Accordingly, these awards should be deleted.[21]
However,
as regards the above mentioned award for refund to respondents of their
interest payments in excess of 17% per annum, the same should include legal interest. In Eastern
Shipping Lines, Inc. v. Court of Appeals,[22]
we have held that when an obligation is breached, and it consists in the payment
of a sum of money, the interest on the amount of damages shall be at the rate
of 12% per annum, reckoned from the time of the filing of the complaint.[23]
WHEREFORE, the petition is PARTIALLY GRANTED. The assailed Decision dated August 27, 2009
and the Resolution dated August 4, 2010 of the Court of Appeals in CA-G.R. CV
No. 86445 are AFFIRMED WITH
MODIFICATIONS, such that the
award for moral damages, exemplary damages, attorney’s fees, and litigation
expenses is DELETED, and the order
of refund in favor of respondents of interest payments made in excess of 17% per annum shall bear interest of 12% per annum from the time of the filing of
the complaint until its full satisfaction.
SO ORDERED.
ANTONIO
EDUARDO B. NACHURA
Associate
Justice
WE CONCUR:
ANTONIO T. CARPIO
Associate
Justice
Chairperson
DIOSDADO M. PERALTA Associate
Justice |
ROBERTO A. ABAD Associate
Justice |
JOSE CATRAL
Associate
Justice
A T T E S T A T I O N
I attest that the conclusions in the above Decision had
been reached in consultation before the case was assigned to the writer of the
opinion of the Court’s Division.
ANTONIO
T. CARPIO
Associate
Justice
Chairperson,
Second Division
C E R T I F I C A T I O N
Pursuant to Section 13, Article VIII of the Constitution
and the Division Chairperson's Attestation, I certify that the conclusions in
the above Decision had been reached in consultation before the case was
assigned to the writer of the opinion of the Court’s Division.
RENATO
C. CORONA
Chief
Justice
[1] Rollo, pp. 12-29.
[2] Penned by Associate Justice Priscilla J. Baltazar-Padilla, with Associate Justices Celia C. Librea-Leagogo and Normandie B. Pizarro, concurring; id. at 30-52.
[3]
[4] Cited in the CA Decision dated August 27, 2009; id. at 32.
[5] Letters dated April 6, 1998, April 30, 1998, September 3, 1998, and July 23, 1999; id. at 60-63.
[6]
[7] Petition for Review on Certiorari; id. at 15.

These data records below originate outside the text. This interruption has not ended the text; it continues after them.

(* Let $(S,\mathcal C)$ be a connectoid and $N\subseteq S$ a countably infinite connected set. Then $N$ is a necklace if and only if for every finite set $Y\subseteq N$ there is an element of $\mathcal K(N\setminus Y)$ containing almost all elements of $N$. Furthermore, if $N$ is a necklace, then the $X$-tail of $N$ is a necklace for every finite set $X\subseteq S$.
   Context: A connectoid is given by a set $S$ and a set $\mathcal F$ of finite subsets of $S$ such that (i) $F\cup F'\in\mathcal F$ whenever $F,F'\in\mathcal F$ and $F\cap F'\neq\emptyset$, and (ii) $\emptyset\in\mathcal F$ and $\{s\}\in\mathcal F$ for every $s\in S$. A set $C\subseteq S$ is connected if for all $x,y\in C$ there is $F\in\mathcal F$ with $F\subseteq C$ and $x,y\in F$; $\mathcal C$ is the set of connected sets. For $S'\subseteq S$, a component of $S'$ is a maximal connected subset of $S'$, and $\mathcal K(S')$ is the set of components of $S'$. ''Almost all'' means all but finitely many. A necklace is a connected set $N$ for which there is a family $(H_n)_{n\in\mathbb N}$ of finite connected sets with $N=\bigcup_n H_n$ and $H_i\cap H_j\neq\emptyset$ iff $|i-j|\le 1$. For a necklace $N$ and finite $X\subseteq S$, the $X$-tail of $N$ is the unique element of $\mathcal K(N\setminus X)$ containing almost all elements of $N$. *)

From mathcomp Require Import all_boot.
From mathcomp Require Import boolp classical_sets functions cardinality.
Set Implicit Arguments. Unset Strict Implicit. Unset Printing Implicit Defensive.
Local Open Scope classical_set_scope.

Record connectoid (S : Type) := Connectoid {
  fam : set (set S);
  fam_finite : forall F, fam F -> finite_set F;
  fam_union : forall F F', fam F -> fam F' -> F `&` F' !=set0 -> fam (F `|` F');
  fam_set0 : fam set0;
  fam_set1 : forall s, fam [set s]
}.

Section Defs.
Variables (S : Type) (K : connectoid S).

Definition connected_set (C : set S) : Prop :=
  forall x y, C x -> C y -> exists F, fam K F /\ F `<=` C /\ F x /\ F y.
Lemma emb_total_cons n a p :
  emb_total n.+1 (a :: p) =
  \sum_(0 <= j < n.+1) ((a <= n.+1 - j) * emb_total j p + emb_total j (a :: p)).
Proof.
rewrite /emb_total sum_oparts_first_part; apply: eq_bigr => j _.
by rewrite big_distrr -big_split; apply: eq_bigr => r _; rewrite size_embeddings_cons.
Qed.

Lemma sum_nat_shift (g : nat -> nat) n c :
  \sum_(0 <= j < n) (if c <= j then g (j - c) else 0) = \sum_(0 <= i < n - c) g i.
Proof.
elim: n => [|n IH]; first by rewrite !big_geq.
rewrite big_nat_recr //= IH; case: (leqP c n) => [c_le | n_lt].
  by rewrite subSn // big_nat_recr.
by rewrite addn0 !big_geq //; lia.
Qed.

Lemma sum_nat_leq_sub (h : nat -> nat) n a : 0 < a ->
  \sum_(0 <= j < n) (a <= n - j) * h j = \sum_(0 <= j < n.+1 - a) h j.
Proof.
move=> a_gt0; rewrite (big_nat_widen _ _ _ _ _ (_ : n.+1 - a <= n)); last by lia.
rewrite [RHS]big_mkcond /=; apply: eq_big_nat => j j_lt.
have -> : (a <= n - j) = (j < n.+1 - a) by lia.
by case: ifP; rewrite ?mul1n.
Qed.

Definition slack_count t m :=
  if t is t'.+1 then 2 ^ t' * ('C(t'.+1 + m, m) + 'C(t' + m, t'.+1)) else 1.

Lemma slack_countSS t m :
  slack_count t.+1 m.+1 = 2 * slack_count t m.+1 + slack_count t.+1 m.
Proof.
case: t => [|t] /=.
  by rewrite add0n binSn bin1 addSn -addnS binSn bin1; lia.
rewrite expnS -!mulnA -mulnDr; congr (_ * _).
have := binS (t + m).+2 m; have := binS (t + m).+1 t.+1.
rewrite !(addSn, addnS); lia.
Qed.

Lemma slack_count_nil n : slack_count n.+1 0 = \sum_(0 <= j < n.+1) slack_count j 0.
Proof.
elim: n => [|n IH]; first by rewrite big_nat1.
rewrite big_nat_recr //= -IH /= !addn0 !bin0 !bin_small // expnS; lia.
Qed.

Lemma slack_count_sum t m :
  slack_count t m.+1 =
  \sum_(0 <= i < t) slack_count i m.+1 + \sum_(0 <= i < t.+1) slack_count i m.
Proof.
elim: t => [|t IH]; first by rewrite big_geq // big_nat1.
rewrite slack_countSS !big_nat_recr //=; move: IH; rewrite big_nat_recr //=; lia.
Qed.

Lemma emb_total_closed n p : all (leq 1) p ->
  emb_total n p = if sumn p <= n then slack_count (n - sumn p) (size p) else 0.
Proof.
elim/ltn_ind: n p => -[|n] IH [|a p] p_pos.
- by rewrite emb_total0.
- by rewrite emb_total0 /=; case: ifP => //; move: p_pos => /= /andP[]; lia.
- rewrite emb_total_nil subn0 slack_count_nil; apply: eq_big_nat => j /andP[_ j_lt].
  by rewrite IH // subn0.
move: p_pos => /= /andP[a_gt0 p_pos].
have IHj j : 0 <= j < n.+1 ->
    (a <= n.+1 - j) * emb_total j p + emb_total j (a :: p) =
    (a <= n.+1 - j) * (if sumn p <= j then slack_count (j - sumn p) (size p) else 0) +
    (if a + sumn p <= j then slack_count (j - (a + sumn p)) (size p).+1 else 0).
  by move=> j_lt; rewrite !IH //= a_gt0.
rewrite emb_total_cons (eq_big_nat _ _ IHj) big_split /= sum_nat_leq_sub //.
rewrite !(sum_nat_shift (slack_count^~ _)).
case: leqP => [sum_le | sum_gt]; last by rewrite !big_geq //; lia.
have -> : n.+2 - a - sumn p = (n.+1 - (a + sumn p)).+1 by lia.
by rewrite slack_count_sum addnC.
Qed.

[8] Cited in CA Decision dated August 27, 2009; id. at 30-31.
[9] Per the CA Decision dated August 27, 2009; id. at 35.
[10]
[11] Floirendo, Jr. v. Metropolitan Bank and Trust Company, G.R. No. 148325, September 3, 2007, 532 SCRA 43, 50; New Sampaguita Builders Construction, Inc. (NSBCI) v. Philippine National Bank, 479 Phil. 483, 497 (2004); Philippine National Bank v. Court of Appeals, G.R. No. 88880, April 30, 1991, 196 SCRA 536, 544-545.
[12] Supra note 1, at 19.
[13] Philippine National Bank v. Court of Appeals, 328 Phil. 54, 63 (1996); Philippine National Bank v. Court of Appeals, G.R. No. 107569, November 8, 1994, 238 SCRA 20, 26-27.

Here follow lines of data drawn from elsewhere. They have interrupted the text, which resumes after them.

(* Let $\mathbb H\subseteq\mathcal G^{\mathrm{dyad}}$ be a group, $n,m\ge1$, $0\le k\le n\wedge m$, $0\le r\le(n\wedge m)-k$, and let $f:((0,1]\times\mathbb R)^n\to\mathbb R$, $f':((0,1]\times\mathbb R)^m\to\mathbb R$ be measurable with $f\in L_2^n$, $f'\in L_2^m$ and $\int_{((0,1]\times\mathbb R)^k}|f(\alpha,\gamma,\rho)f'(\rho,\gamma,\beta)|\,d\mathbbm m^{\otimes k}(\rho)<\infty$ for all $(\alpha,\beta,\gamma)\in((0,1]\times\mathbb R)^{n-k-r}\times((0,1]\times\mathbb R)^{m-k-r}\times((0,1]\times\mathbb R)^r$. Define $$(f\otimes_k^rf')(\alpha,\beta,\gamma)=\Pi_x(\gamma)\int_{((0,1]\times\mathbb R)^k}f(\alpha,\gamma,\rho)f'(\rho,\gamma,\beta)\,d\mathbbm m^{\otimes k}(\rho),$$ where $\Pi_x(\gamma)$ is the product of the $x$-coordinates of $\gamma$. If $f$ is constant on the orbits of $\mathbb H[n]$ and $f'$ is constant on the orbits of $\mathbb H[m]$, then $f\otimes_k^rf'$ is constant on the orbits of $\mathbb H[n+m-2k-r]$.
   Context: $\mu$ is a $\sigma$-finite Borel measure on $\mathbb R$ and $\mathbbm m=\lambda\otimes\mu$ on $(0,1]\times\mathbb R$ with $\lambda$ Lebesgue measure; $L_2^n=L_2(((0,1]\times\mathbb R)^n,\mathbbm m^{\otimes n})$. $\mathcal G^{\mathrm{dyad}}$ is the group of maps $g_\pi(t)=\pi(j)2^{-d}-(j2^{-d}-t)$ for $t\in((j-1)2^{-d},j2^{-d}]$, $\pi$ a permutation of $\{1,\dots,2^d\}$, $d\ge0$. For $g\in\mathcal G^{\mathrm{dyad}}$, $g[p]((t_1,x_1),\dots,(t_p,x_p))=((g(t_1),x_1),\dots,(g(t_p),x_p))$ and $\mathbb H[p]=\{g[p]:g\in\mathbb H\}$; the orbit of $z$ is $\{g[p](z):g\in\mathbb H\}$. *)

From HB Require Import structures.
From mathcomp Require Import all_boot all_order all_algebra fingroup perm.
From mathcomp Require Import all_classical all_reals all_analysis.
Set Implicit Arguments. Unset Strict Implicit. Unset Printing Implicit Defensive.
Import Order.TTheory GRing.Theory Num.Theory.
Import numFieldNormedType.Exports.
Local Open Scope classical_set_scope.
Local Open Scope ring_scope.

Section mm_def.
Context (R : realType) (mu : {sigma_finite_measure set R -> \bar R}).

(* the base measure  m = lambda (x) mu  on  R x R  (restriction to (0,1] x R
   is done by integrating over the domain sets below) *)
Definition mm := ((@lebesgue_measure R) \x mu)%E.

[14] Letter dated April 6, 1998; rollo, p. 60.
[15] Letter dated April 30, 1998; id. at 61.
[16] Letter dated September 3, 1998; id. at 62.
[17] Letter dated July 23, 1999; id. at 63.
[18] Philippine National Bank v. Court of Appeals, supra note 12, at 25-26.
[19] 236 Phil. 370 (1987).
[20] Philippine National Bank v. Rocamora, G.R. No. 164549, September 18, 2009, 600 SCRA 395, 411-412; Pilipinas Shell Petroleum Corporation v. John Bordman, Ltd. of Iloilo, Inc., 509 Phil. 728, 751 (2005).
[21] Philippine National Bank v. Rocamora, supra, at 412.
[22] G.R. No. 97412, July 12, 1994, 234 SCRA 78.